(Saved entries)
-------
(* In the calculus $\mathcal{L}$ described in the context, reduction preserves typing of commands: for every type $A$ and commands $c_1,c_2$, if $c_1:A$ and $c_1\rightsquigarrow c_2$, then $c_2:A$. The same holds in the ordered fragment, i.e. when all judgements $\vdash_p$ (for expressions, stacks and commands) are required to be derived without the rule (struct).
   Context: Polarities are $\varepsilon\in\{+,-\}$. Types: positive $P,Q ::= R \mid 1 \mid A\otimes B \mid A\oplus B$; negative $N,M ::= A\multimap B \mid A\,\&\,B$; $\varpi(P)=+$, $\varpi(N)=-$ ($R$ is an atomic type of resources). Fix variables and resource constants $r_n$ ($n\in\mathbb N$). Expressions $t,u$ and values $v,w$: $t,u ::= v \mid (\mathrm{let}\ x^+=t\ \mathrm{in}\ u)^+ \mid (\mathrm{let}\ x^-=v\ \mathrm{in}\ u)^+ \mid \delta(v,(x,y).t)^+ \mid \delta(v,().t)^+ \mid \delta(v,x.t,y.u)^+ \mid (v\,w)^+ \mid (\pi_1 v)^+ \mid (\pi_2 v)^+$; $v,w ::= (\mathrm{let}\ x^+=t\ \mathrm{in}\ v)^- \mid (\mathrm{let}\ x^-=v\ \mathrm{in}\ w)^- \mid \delta(v,(x,y).w)^- \mid \delta(v,().w)^- \mid \delta(v,x.w,y.w')^- \mid (v\,w)^- \mid (\pi_1 v)^- \mid (\pi_2 v)^- \mid x \mid \mathrm{new} \mid \mathrm{delete} \mid (v,w) \mid () \mid \iota_1 v \mid \iota_2 v \mid \lambda x.t \mid \langle t,u\rangle \mid r_n$. $t[v/x]$ is capture-avoiding substitution. Contexts are finite lists of typed variables. Typing rules ($v,w$ range over values): (var) $x:A\vdash x:A$. (struct) from $\Gamma\vdash t:A$ and a type-preserving bijection $\sigma$ from entries of $\Gamma$ to entries of $\Gamma'$ (permutation plus renaming) derive $\Gamma'\vdash t[\sigma]:A$. $\vdash\mathrm{new}:1\multimap(R\oplus 1)$; $\vdash\mathrm{delete}:R\multimap 1$. (let) from $\Delta\vdash t:A$, $\Gamma,x:A\vdash u:B$ derive $\Gamma,\Delta\vdash(\mathrm{let}\ x^{\varpi(A)}=t\ \mathrm{in}\ u)^{\varpi(B)}:B$. From $\Gamma\vdash v:A$, $\Delta\vdash w:B$ derive $\Gamma,\Delta\vdash(v,w):A\otimes B$; from $\Delta\vdash v:A\otimes B$, $\Gamma,x:A,y:B,\Gamma'\vdash t:C$ derive $\Gamma,\Delta,\Gamma'\vdash\delta(v,(x,y).t)^{\varpi(C)}:C$. $\vdash():1$; from $\Delta\vdash v:1$, $\Gamma,\Gamma'\vdash t:A$ derive $\Gamma,\Delta,\Gamma'\vdash\delta(v,().t)^{\varpi(A)}:A$. From $\Gamma\vdash v:A$ derive $\Gamma\vdash\iota_1v:A\oplus B$; from $\Gamma\vdash v:B$ derive $\Gamma\vdash\iota_2v:A\oplus B$; from $\Delta\vdash v:A\oplus B$, $\Gamma,x:A,\Gamma'\vdash t:C$, $\Gamma,y:B,\Gamma'\vdash u:C$ derive $\Gamma,\Delta,\Gamma'\vdash\delta(v,x.t,y.u)^{\varpi(C)}:C$. From $x:A,\Gamma\vdash t:B$ derive $\Gamma\vdash\lambda x.t:A\multimap B$; from $\Gamma\vdash w:A$, $\Delta\vdash v:A\multimap B$ derive $\Gamma,\Delta\vdash(v\,w)^{\varpi(B)}:B$. From $\Gamma\vdash t:A$, $\Gamma\vdash u:B$ derive $\Gamma\vdash\langle t,u\rangle:A\&B$; from $\Gamma\vdash v:A_1\&A_2$ derive $\Gamma\vdash(\pi_iv)^{\varpi(A_i)}:A_i$. $\vdash_p$ is generated by these rules plus the axioms $\vdash_p r_n:R$. Machine: stacks $s ::= \star \mid v^\varepsilon\cdot s \mid \pi_i^\varepsilon\cdot s \mid (x^+.u)^\varepsilon\cdot s$; lists $l ::= []\mid r_n::l$; commands $\langle t\mid s\mid l\rangle^\varepsilon$. Stack typing $s:A\vdash_p C$: $\star:A\vdash_p A$; if $s:B\vdash_p C$, $\varepsilon=\varpi(B)$ and $\vdash_p v:A$ then $v^\varepsilon\cdot s:A\multimap B\vdash_p C$; if $s:B\vdash_p C$, $\varepsilon=\varpi(B)$ and $x:A\vdash_p t:B$ then $(x^+.t)^\varepsilon\cdot s:A\vdash_p C$; if $s:A_i\vdash_p C$ and $\varepsilon=\varpi(A_i)$ then $\pi_i^\varepsilon\cdot s:A_1\&A_2\vdash_p C$. A command is typed, $\langle t\mid s\mid l\rangle^\varepsilon:A$, iff there is $B$ with $\varpi(B)=\varepsilon$, $\vdash_p t:B$ and $s:B\vdash_p A$. Reduction $\rightsquigarrow$ ($i\in\{1,2\}$): $\langle(\mathrm{let}\ x^-=v\ \mathrm{in}\ t)^\varepsilon\mid s\mid l\rangle^\varepsilon\rightsquigarrow\langle t[v/x]\mid s\mid l\rangle^\varepsilon$; $\langle(\mathrm{let}\ x^+=t\ \mathrm{in}\ u)^\varepsilon\mid s\mid l\rangle^\varepsilon\rightsquigarrow\langle t\mid (x^+.u)^\varepsilon\cdot s\mid l\rangle^+$; $\langle v\mid (x^+.t)^\varepsilon\cdot s\mid l\rangle^+\rightsquigarrow\langle t[v/x]\mid s\mid l\rangle^\varepsilon$; $\langle (v\,w)^\varepsilon\mid s\mid l\rangle^\varepsilon\rightsquigarrow\langle v\mid w^\varepsilon\cdot s\mid l\rangle^-$; $\langle \lambda x.t\mid v^\varepsilon\cdot s\mid l\rangle^-\rightsquigarrow\langle t[v/x]\mid s\mid l\rangle^\varepsilon$; $\langle (\pi_i v)^\varepsilon\mid s\mid l\rangle^\varepsilon\rightsquigarrow\langle v\mid \pi_i^\varepsilon\cdot s\mid l\rangle^-$; $\langle \langle t_1,t_2\rangle\mid \pi_i^\varepsilon\cdot s\mid l\rangle^-\rightsquigarrow\langle t_i\mid s\mid l\rangle^\varepsilon$; $\langle \delta((v,w),(x,y).t)^\varepsilon\mid s\mid l\rangle^\varepsilon\rightsquigarrow\langle t[v/x,w/y]\mid s\mid l\rangle^\varepsilon$; $\langle \delta((),().t)^\varepsilon\mid s\mid l\rangle^\varepsilon\rightsquigarrow\langle t\mid s\mid l\rangle^\varepsilon$; $\langle \delta(\iota_i v,x_1.t_1,x_2.t_2)^\varepsilon\mid s\mid l\rangle^\varepsilon\rightsquigarrow\langle t_i[v/x_i]\mid s\mid l\rangle^\varepsilon$; $\langle \mathrm{new}\mid ()^{\varepsilon}\cdot s\mid r_n::l\rangle^-\rightsquigarrow\langle \iota_1 r_n\mid s\mid l\rangle^+$; $\langle \mathrm{new}\mid ()^{\varepsilon}\cdot s\mid []\rangle^-\rightsquigarrow\langle \iota_2 ()\mid s\mid []\rangle^+$; $\langle \mathrm{delete}\mid r_n^{\varepsilon}\cdot s\mid l\rangle^-\rightsquigarrow\langle ()\mid s\mid r_n::l\rangle^+$. *)

From Stdlib Require Import List Arith Permutation.
Import ListNotations.

Inductive pol : Type := Pos | Neg.

Inductive ty : Type :=
| TR : ty                     (* atomic resource type R *)
| T1 : ty
| Tensor : ty -> ty -> ty
| Plus : ty -> ty -> ty
| Lolli : ty -> ty -> ty
| With : ty -> ty -> ty.

Definition polarity (A : ty) : pol :=
  match A with
  | TR | T1 | Tensor _ _ | Plus _ _ => Pos
  | Lolli _ _ | With _ _ => Neg
  end.

Inductive idx : Type := i1 | i2.
Definition choose {X : Type} (i : idx) (a b : X) : X :=
  match i with i1 => a | i2 => b end.

Definition var := nat.

(** * Raw syntax (expressions and values share one type; the polarity
    annotations of the paper are kept as data; the grammar is the predicate
    [Value]/[Expr] below). *)
Inductive term : Type :=
| TLet (px : pol) (x : var) (t u : term) (p : pol)       (* (let x^px = t in u)^p *)
| TDpair (v : term) (x y : var) (t : term) (p : pol)     (* delta(v,(x,y).t)^p *)
| TDunit (v t : term) (p : pol)                          (* delta(v,().t)^p *)
| TDsum (v : term) (x : var) (t : term) (y : var) (u : term) (p : pol)
                                                         (* delta(v,x.t,y.u)^p *)
| TApp (v w : term) (p : pol)
| TProj (i : idx) (v : term) (p : pol)
| TVar (x : var)
| TNew
| TDelete
| TPair (v w : term)
| TUnit
| TInj (i : idx) (v : term)
| TLam (x : var) (t : term)
| TWith (t u : term)
| TRes (n : nat).

Inductive Value : term -> Prop :=
| V_letP x t v : Expr t -> Value v -> Value (TLet Pos x t v Neg)
| V_letN x v w : Value v -> Value w -> Value (TLet Neg x v w Neg)
| V_dpair v x y w : Value v -> Value w -> Value (TDpair v x y w Neg)
| V_dunit v w : Value v -> Value w -> Value (TDunit v w Neg)
| V_dsum v x w y w' : Value v -> Value w -> Value w' -> Value (TDsum v x w y w' Neg)
| V_app v w : Value v -> Value w -> Value (TApp v w Neg)
| V_proj i v : Value v -> Value (TProj i v Neg)
| V_var x : Value (TVar x)
| V_new : Value TNew
| V_delete : Value TDelete
| V_pair v w : Value v -> Value w -> Value (TPair v w)
| V_unit : Value TUnit
| V_inj i v : Value v -> Value (TInj i v)
| V_lam x t : Expr t -> Value (TLam x t)
| V_with t u : Expr t -> Expr u -> Value (TWith t u)
| V_res n : Value (TRes n)
with Expr : term -> Prop :=
| E_val v : Value v -> Expr v
| E_letP x t u : Expr t -> Expr u -> Expr (TLet Pos x t u Pos)
| E_letN x v u : Value v -> Expr u -> Expr (TLet Neg x v u Pos)
| E_dpair v x y t : Value v -> Expr t -> Expr (TDpair v x y t Pos)
| E_dunit v t : Value v -> Expr t -> Expr (TDunit v t Pos)
| E_dsum v x t y u : Value v -> Expr t -> Expr u -> Expr (TDsum v x t y u Pos)
| E_app v w : Value v -> Value w -> Expr (TApp v w Pos)
| E_proj i v : Value v -> Expr (TProj i v Pos).

Fixpoint fv (t : term) : list var :=
  match t with
  | TLet _ x t u _ => fv t ++ remove Nat.eq_dec x (fv u)
  | TDpair v x y t _ => fv v ++ remove Nat.eq_dec x (remove Nat.eq_dec y (fv t))
  | TDunit v t _ => fv v ++ fv t
  | TDsum v x t y u _ =>
      fv v ++ remove Nat.eq_dec x (fv t) ++ remove Nat.eq_dec y (fv u)
  | TApp v w _ => fv v ++ fv w
  | TProj _ v _ => fv v
  | TVar x => [x]
  | TNew | TDelete | TUnit | TRes _ => []
  | TPair v w => fv v ++ fv w
  | TInj _ v => fv v
  | TLam x t => remove Nat.eq_dec x (fv t)
  | TWith t u => fv t ++ fv u
  end.

Definition upd (s : var -> term) (x : var) (v : term) : var -> term :=
  fun w => if Nat.eq_dec w x then v else s w.

(** variables that a binder of [body] (binding [bs]) must avoid under [s] *)
Definition avoid (s : var -> term) (bs : list var) (body : term) : list var :=
  flat_map (fun w => if in_dec Nat.eq_dec w bs then [] else fv (s w)) (fv body).

Definition fresh (W : list var) : var := S (list_max W).

Definition pick (y : var) (W : list var) : var :=
  if in_dec Nat.eq_dec y W then fresh W else y.

Fixpoint subst (s : var -> term) (t : term) : term :=
  match t with
  | TLet px x t u p =>
      let z := pick x (avoid s [x] u) in
      TLet px z (subst s t) (subst (upd s x (TVar z)) u) p
  | TDpair v x y t p =>
      let W := avoid s [x; y] t in
      let z1 := pick x W in
      let z2 := pick y (z1 :: W) in
      TDpair (subst s v) z1 z2 (subst (upd (upd s x (TVar z1)) y (TVar z2)) t) p
  | TDunit v t p => TDunit (subst s v) (subst s t) p
  | TDsum v x t y u p =>
      let z1 := pick x (avoid s [x] t) in
      let z2 := pick y (avoid s [y] u) in
      TDsum (subst s v) z1 (subst (upd s x (TVar z1)) t)
                        z2 (subst (upd s y (TVar z2)) u) p
  | TApp v w p => TApp (subst s v) (subst s w) p
  | TProj i v p => TProj i (subst s v) p
  | TVar x => s x
  | TNew => TNew
  | TDelete => TDelete
  | TPair v w => TPair (subst s v) (subst s w)
  | TUnit => TUnit
  | TInj i v => TInj i (subst s v)
  | TLam x t =>
      let z := pick x (avoid s [x] t) in
      TLam z (subst (upd s x (TVar z)) t)
  | TWith t u => TWith (subst s t) (subst s u)
  | TRes n => TRes n
  end.

Definition subst1 (v : term) (x : var) (t : term) : term :=
  subst (upd TVar x v) t.
Definition subst2 (v : term) (x : var) (w : term) (y : var) (t : term) : term :=
  subst (upd (upd TVar x v) y w) t.
Definition rename (rho : var -> var) (t : term) : term :=
  subst (fun x => TVar (rho x)) t.

(** * Typing: contexts are lists of typed variables with distinct names.
    [typ st G t A] is  G |-_p t : A ; the flag [st] says whether the rule
    (struct) is allowed ([st = false] is the ordered fragment). *)
Definition ctx := list (var * ty).
Definition dom (G : ctx) : list var := map fst G.

Inductive typ (st : bool) : ctx -> term -> ty -> Prop :=
| T_var x A : typ st [(x, A)] (TVar x) A
| T_struct G G' t A (rho : var -> var) :
    st = true ->
    typ st G t A ->
    NoDup (dom G') ->
    Permutation (map (fun e => (rho (fst e), snd e)) G) G' ->
    typ st G' (rename rho t) A
| T_new : typ st [] TNew (Lolli T1 (Plus TR T1))
| T_delete : typ st [] TDelete (Lolli TR T1)
| T_let G D x t u A B :
    typ st D t A ->
    typ st (G ++ [(x, A)]) u B ->
    NoDup (dom (G ++ D)) ->
    typ st (G ++ D) (TLet (polarity A) x t u (polarity B)) B
| T_pair G D v w A B :
    Value v -> Value w ->
    typ st G v A -> typ st D w B ->
    NoDup (dom (G ++ D)) ->
    typ st (G ++ D) (TPair v w) (Tensor A B)
| T_dpair G D G' v x y t A B C :
    Value v ->
    typ st D v (Tensor A B) ->
    typ st (G ++ (x, A) :: (y, B) :: G') t C ->
    NoDup (dom (G ++ D ++ G')) ->
    typ st (G ++ D ++ G') (TDpair v x y t (polarity C)) C
| T_unit : typ st [] TUnit T1
| T_dunit G D G' v t A :
    Value v ->
    typ st D v T1 ->
    typ st (G ++ G') t A ->
    NoDup (dom (G ++ D ++ G')) ->
    typ st (G ++ D ++ G') (TDunit v t (polarity A)) A
| T_inj1 G v A B : Value v -> typ st G v A -> typ st G (TInj i1 v) (Plus A B)
| T_inj2 G v A B : Value v -> typ st G v B -> typ st G (TInj i2 v) (Plus A B)
| T_dsum G D G' v x t y u A B C :
    Value v ->
    typ st D v (Plus A B) ->
    typ st (G ++ (x, A) :: G') t C ->
    typ st (G ++ (y, B) :: G') u C ->
    NoDup (dom (G ++ D ++ G')) ->
    typ st (G ++ D ++ G') (TDsum v x t y u (polarity C)) C
| T_lam G x t A B :
    typ st ((x, A) :: G) t B -> typ st G (TLam x t) (Lolli A B)
| T_app G D v w A B :
    Value w -> Value v ->
    typ st G w A -> typ st D v (Lolli A B) ->
    NoDup (dom (G ++ D)) ->
    typ st (G ++ D) (TApp v w (polarity B)) B
| T_with G t u A B :
    typ st G t A -> typ st G u B -> typ st G (TWith t u) (With A B)
| T_proj1 G v A1 A2 :
    Value v -> typ st G v (With A1 A2) -> typ st G (TProj i1 v (polarity A1)) A1
| T_proj2 G v A1 A2 :
    Value v -> typ st G v (With A1 A2) -> typ st G (TProj i2 v (polarity A2)) A2
| T_res n : typ st [] (TRes n) TR.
-------
=== WORK INSTRUCTION ===
Look over the records. Copy the lines that include the word "else".

=== TASK OUTPUT ===
  fun w => if Nat.eq_dec w x then v else s w.
  flat_map (fun w => if in_dec Nat.eq_dec w bs then [] else fv (s w)) (fv body).
  if in_dec Nat.eq_dec y W then fresh W else y.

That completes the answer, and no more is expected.